Dear Imprudence: Oh No, It’s the Pronunciation Police!

The following appeared in Slate’s “Dear Prudence” advice column chat-room supplement fairly recently:

Chicago: We have a close friend who is prone to embarrassing malapropisms that surpass even the best Norm Crosby bit. These are not innocent and simple mispronunciations—but ugly mangling of words including misuse and lack of understanding of the meaning of some words. I know that many words have multiple pronunciations and meanings, but this is beyond brutal. Some of them are funny, some are faux pas that make you wince and want to help. We used to try to help by repeating the word correctly in conversation after she had mangled it. No success. We have tried the direct approach—like a teacher—but this was rebuffed. We never did any of this in public but in private, away from others. And we picked our spots—only bringing up the worst cases. But she takes offense and continues mispronouncing words and inserting them in conversation where they don’t belong. Recently, my wife used the word adept, and now our friend mispronounces it and uses it like apt. It is like she has her own language. My wife has stopped trying to correct her. Her husband is no help and does the same thing on a smaller scale. I refuse to throw in the towel as I can’t understand why anyone would not want to expand their vocabulary—correctly. I would want to know if I was saying tenor for tenure and FOIL-AGE for any of the many accepted versions of foliage. We are 57 and of sound mind. She does not have a hearing problem.
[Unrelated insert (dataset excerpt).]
(* Let $\Phi=(\varphi_n)_{n\in\mathbb{N}}$ be a depth-bounded fuzzy bisimulation between fuzzy automata $\mathcal{A}$ and $\mathcal{A}'$. Then for every $n\in\mathbb{N}$ and every $(x,x')\in A\times A'$: $\varphi_n(x,x')\le E(\mathbf{L}^{\le n}(\mathcal{A}_x),\mathbf{L}^{\le n}(\mathcal{A}'_{x'}))$ and $\|\varphi_n\|^b_{\mathcal{A},\mathcal{A}'}\le E(\mathbf{L}^{\le n}(\mathcal{A}),\mathbf{L}^{\le n}(\mathcal{A}'))$.
   Context: $\mathcal{L}=\langle L,\le,\otimes,\Rightarrow,0,1\rangle$ is a complete residuated lattice: $\langle L,\le,0,1\rangle$ is a complete lattice with least element $0$ and greatest element $1$, $\langle L,\otimes,1\rangle$ is a commutative monoid, and $x\otimes y\le z$ iff $x\le (y\Rightarrow z)$; $x\Leftrightarrow y=(x\Rightarrow y)\wedge(y\Rightarrow x)$. Fuzzy sets/relations are maps into $L$ ordered pointwise; $\varphi^{-1}(b,a)=\varphi(a,b)$; $(\varphi\circ\psi)(a,c)=\bigvee_b\varphi(a,b)\otimes\psi(b,c)$, $(f\circ\varphi)(b)=\bigvee_a f(a)\otimes\varphi(a,b)$, $(\varphi\circ g)(a)=\bigvee_b\varphi(a,b)\otimes g(b)$; $S(g,f)=\bigwedge_a(g(a)\Rightarrow f(a))$, $E(g,f)=\bigwedge_a(g(a)\Leftrightarrow f(a))$. A fuzzy automaton over $\Sigma$ is $\mathcal{A}=\langle A,\delta^{\mathcal{A}},\sigma^{\mathcal{A}},\tau^{\mathcal{A}}\rangle$ with $A$ nonempty, $\delta^{\mathcal{A}}:A\times\Sigma\times A\to L$, $\sigma^{\mathcal{A}},\tau^{\mathcal{A}}:A\to L$; $\delta^{\mathcal{A}}_s(x,y)=\delta^{\mathcal{A}}(x,s,y)$; similarly $\mathcal{A}'$ with states $A'$. $\mathcal{A}_x$ differs from $\mathcal{A}$ only in that its initial fuzzy set is $\{x:1\}$. $\mathbf{L}(\mathcal{A})(s_1\cdots s_k)=\sigma^{\mathcal{A}}\circ\delta^{\mathcal{A}}_{s_1}\circ\cdots\circ\delta^{\mathcal{A}}_{s_k}\circ\tau^{\mathcal{A}}$; $\mathbf{L}^{\le n}(\mathcal{A})(w)=\mathbf{L}(\mathcal{A})(w)$ if $|w|\le n$, else $0$. For $\varphi:A\times A'\to L$: $\|\varphi\|_{\mathcal{A},\mathcal{A}'}=S(\sigma^{\mathcal{A}},\sigma^{\mathcal{A}'}\circ\varphi^{-1})$ and $\|\varphi\|^b_{\mathcal{A},\mathcal{A}'}=\|\varphi\|_{\mathcal{A},\mathcal{A}'}\wedge\|\varphi^{-1}\|_{\mathcal{A}',\mathcal{A}}$. A depth-bounded fuzzy bisimulation between $\mathcal{A}$ and $\mathcal{A}'$ is a sequence $(\varphi_n)_{n\in\mathbb{N}}$ of fuzzy relations $A\times A'\to L$ with $\varphi_n\le\varphi_{n-1}$ ($n\ge1$), $\varphi_0^{-1}\circ\tau^{\mathcal{A}}\le\tau^{\mathcal{A}'}$, $\varphi_0\circ\tau^{\mathcal{A}'}\le\tau^{\mathcal{A}}$, and for all $s\in\Sigma,n\ge1$: $\varphi_n^{-1}\circ\delta^{\mathcal{A}}_s\le\delta^{\mathcal{A}'}_s\circ\varphi_{n-1}^{-1}$ and $\varphi_n\circ\delta^{\mathcal{A}'}_s\le\delta^{\mathcal{A}}_s\circ\varphi_{n-1}$. *)

From Stdlib Require Import List Arith.
Import ListNotations.
Set Implicit Arguments.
There are so many problems here, I don’t even know where to begin. This “friend” is SO EMBARRASSING, nor does she take kindly to being corrected by her “well-meaning” pals who think her misuse of language is just terrible! Horrors!

One part that strikes me as uniquely troubling is this: “We are 57 and sound of mind.” Yes, because being 57 is supposed to automatically mean that one becomes not sound-of-mind? Soundness of mind, additionally, is one of those things where the meaning changes depending upon whom you talk to. Combined with the letter-writer’s utterly condescending attitude toward his “friend,” this sounds suspiciously like a trope that has been leveled for ages at PWDs, mostly by the temporarily abled who are so concerned about their welfare: If you’d just take my advice/listen to me/let me HELP you, you would get better. As has been proven time and time again, this is rarely true.
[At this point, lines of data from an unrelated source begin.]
Theorem mainTheorem6 (U V : finType) (e : U -> V -> bool)
  (F : fieldType) (hF : [pchar F] =i pred0)
  (eta : Xt e -> 'I_(10 * #|U|)) (eta' : Yt e -> 'I_(10 * #|U|))
  (M : 'M[F]_(10 * #|U|)) :
  three_regular e ->
  bijective eta -> bijective eta' ->
  (forall (x : Xt e) (y : Yt e),
      M (eta x) (eta' y) = (hadj (val x) (val y))%:R) ->
  odd #|perfect_matchings e| ->
  \det M != 0.
Proof.
(* Only the columns eta' y of M are read, so eta' need not be bijective. *)
move=> e_reg eta_bij _ M_adj odd_pm.
apply/det0P => -[w /eqP w_neq0 wM0]; apply: w_neq0.
pose G x := if insub x is Some x' then w 0 (eta x') else 0.
have G_val (x : Xt e) : G (val x) = w 0 (eta x) by rewrite /G valK.
have G_supp x : ~~ inX e x -> G x = 0 by move=> xNX; rewrite /G insubN.
have G_ker y : inY e y -> \sum_(x | hadj x y) G x = 0.
  move=> yY; rewrite -[y]/(val (Sub y yY : Yt e)).
  by rewrite -(mulmx_hadj_sum eta_bij M_adj G_val G_supp) // wM0 mxE.
apply/rowP => j; have [etaI _ etaIK] := eta_bij.
rewrite -(etaIK j) -G_val mxE.
exact: (gadget_left_kernel_trivial hF e_reg odd_pm G_supp G_ker (valP (etaI j))).
Qed.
Now let’s look at the columnist’s response:

Emily Yoffe: Your friend probably has some sort of language processing disorder (there was speculation that the George Bush’s malapropisms, “I know you want to put food on your family,” etc., might have come from such a disorder), and all the schoolmarmish corrections in the world won’t “cure” her. It’s good you mention Norm Crosby, because he built an entire career on amusingly mangling language. I don’t know why you consider being with your friend “brutal.” It sounds as if you usually understand what she means, and when you don’t, you can ask for more context. Trying to keep a straight face seems like the biggest problem you face in socializing with her. So just be compassionate and let it go, and when you get in the car, you can laugh at her best neologisms.
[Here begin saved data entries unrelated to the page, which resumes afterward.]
Lemma fine_measureU A B : measurable A -> measurable B -> A `&` B = set0 ->
  m (A `|` B) = m A + m B.
Proof.
by move=> mA mB AB0; rewrite measureU // fineD // fin_num_measure.
Qed.

Lemma le_fine_measure A B : measurable A -> measurable B -> A `<=` B ->
  m A <= m B.
Proof.
move=> mA mB AB; rewrite -lee_fin -measure_fineE // -measure_fineE //.
by apply: le_measure; rewrite ?inE.
Qed.

Lemma fine_measureD A B : measurable A -> measurable B -> B `<=` A ->
  m (A `\` B) = m A - m B.
Proof.
move=> mA mB BA; have := fine_measureU mB (measurableD mA mB) (setDIK _ _).
by rewrite setDUK // => ->; rewrite addrC addKr.
Qed.

Lemma fine_measure_bigcup_le (F : nat -> set T) t :
  (forall n, measurable (F n)) -> (forall n k, (n <= k)%N -> F n `<=` F k) ->
  (forall n, m (F n) <= t) -> m (\bigcup_n F n) <= t.
Proof.
move=> mF incF Ft.
have mUF : measurable (\bigcup_n F n) by exact: bigcupT_measurable.
have incF' : {homo F : n k / (n <= k)%N >-> (n <= k)%O}.
  by move=> n k nk; rewrite subsetEset; exact: incF.
have Fcvg := nondecreasing_cvg_mu (mu := nu) mF mUF incF'.
rewrite -lee_fin -measure_fineE // -(cvg_lim _ Fcvg) //.
apply: lime_le; first exact: cvgP Fcvg.
by apply: nearW => n /=; rewrite measure_fineE // lee_fin.
Qed.

Lemma fine_measure_bigcap_ge (F : nat -> set T) t :
  (forall n, measurable (F n)) -> (forall n k, (n <= k)%N -> F k `<=` F n) ->
  (forall n, t <= m (F n)) -> t <= m (\bigcap_n F n).
Proof.
move=> mF decF Ft.
have mIF : measurable (\bigcap_n F n) by exact: bigcapT_measurable.
have decF' : {homo F : n k / (n <= k)%N >-> (k <= n)%O}.
  by move=> n k nk; rewrite subsetEset; exact: decF.
have F0_finite : (nu (F 0%N) < +oo)%E by rewrite measure_fineE // ltry.
have Fcvg := nonincreasing_cvg_mu (mu := nu) F0_finite mF mIF decF'.
rewrite -lee_fin -measure_fineE // -(cvg_lim _ Fcvg) //.
apply: lime_ge; first exact: cvgP Fcvg.
by apply: nearW => n /=; rewrite measure_fineE // lee_fin.
Qed.

Definition half_maximal_subset E s C :=
  [/\ measurable C, C `<=` E, m C <= s &
    forall D, measurable D -> D `<=` E -> m D <= s -> m D <= 2 * m C].

Lemma exists_half_maximal_subset E s : 0 <= s ->
  exists C, half_maximal_subset E s C.
Proof.
move=> s_ge0.
pose S := [set m D | D in [set D | [/\ measurable D, D `<=` E & m D <= s]]].
have S_sup : has_sup S.
  split; last by exists s => _ [D [_ _ Ds] <-].
  by exists 0, set0; [split; rewrite ?fine_measure0 | rewrite fine_measure0].
have le_sup D : measurable D -> D `<=` E -> m D <= s -> m D <= sup S.
  by move=> mD DE Ds; apply: (ub_le_sup S_sup.2); exists D.
have [sup_le0|sup_gt0] := leP (sup S) 0.
  exists set0; split; rewrite ?fine_measure0 // => D mD DE Ds.
  by rewrite mulr0; exact: le_trans (le_sup D mD DE Ds) sup_le0.
have half_sup_gt0 : 0 < sup S / 2 by rewrite divr_gt0.
have [_ [C [mC CE Cs] <-] supC] := sup_adherent half_sup_gt0 S_sup.
exists C; split => // D mD DE Ds; have := le_sup D mD DE Ds; lra.
Qed.

Definition subset_measures_attained (P : R -> Prop) :=
  forall A s, measurable A -> 0 <= s <= m A -> P s ->
    exists B, [/\ measurable B, B `<=` A & m B = s].

Lemma exists_greedy_exhaustion A t : measurable A -> 0 <= t ->
  exists G : nat -> set T,
    [/\ forall n, [/\ measurable (G n), G n `<=` A & m (G n) <= t],
        {homo G : n k / (n <= k)%N >-> n `<=` k} &
        forall n D, measurable D -> D `<=` A `\` G n -> m (G n) + m D <= t ->
          m D <= 2 * (m (G n.+1) - m (G n))].
Proof.
move=> mA t_ge0.
pose admissible B := [/\ measurable B, B `<=` A & m B <= t].
have [grow growP] : {grow : set T -> set T & forall B, admissible B ->
    half_maximal_subset (A `\` B) (t - m B) (grow B)}.
  apply: (choice (P := fun B C => admissible B ->
    half_maximal_subset (A `\` B) (t - m B) C)) => B.
  have [[mB BA Bt]|nB] := pselect (admissible B); last by exists set0 => /nB.
  have budget_ge0 : 0 <= t - m B by rewrite subr_ge0.
  by have [C BC] := exists_half_maximal_subset (A `\` B) budget_ge0; exists C.
have grow_adm B : admissible B ->
    admissible (B `|` grow B) /\ m (B `|` grow B) = m B + m (grow B).
  move=> B_adm; case: (B_adm) => mB BA _; have [mC CAB Ct _] := growP B B_adm.
  have BC0 : B `&` grow B = set0 by apply/seteqP; split => // x [Bx /CAB[]].
  have mBC := fine_measureU mB mC BC0.
  split=> //; split; [exact: measurableU | by move=> x [/BA|/CAB[]] | lra].
pose G n := iter n (fun B => B `|` grow B) set0.
have G_adm n : admissible (G n).
  elim: n => [|n IH]; last exact: (grow_adm _ IH).1.
  by split; rewrite /G /= ?fine_measure0.
exists G; split => //.
- apply: (@homo_leq _ G (fun X Y => X `<=` Y)) => [X //|Y X Z|n].
  + exact: subset_trans.
  + exact: subsetUl.
- move=> n D mD DAG DGt; have [_ _ _ Cmax] := growP _ (G_adm n).
  have -> : G n.+1 = G n `|` grow (G n) by [].
  by rewrite (grow_adm _ (G_adm n)).2 addrC addKr; apply: Cmax => //; lra.
Qed.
Shockingly, I don’t totally hate this advice, despite Yoffe’s ill-fated attempts at snark/humor. She brings up an excellent point: If these “well-meaning” grammar cops think that being around this person (whom they call a friend) is such a trial, then why would they continue to be around this individual? To bolster their own sense of superiority? To show off their class privilege to this “friend” in the most ridiculous way possible? I have some issues with the “just laugh at her when she’s not around” suggestion, which seems almost needlessly rude–laughing at someone’s disability, furthermore, (which they often cannot control) is generally considered impolite for a reason.

But what the hell do I know? I’m just a person with several disabilities; if I’m lucky, perhaps a well-meaning TAB is writing a hand-wringing, oh-so-concerned letter to an advice columnist about me right this very second.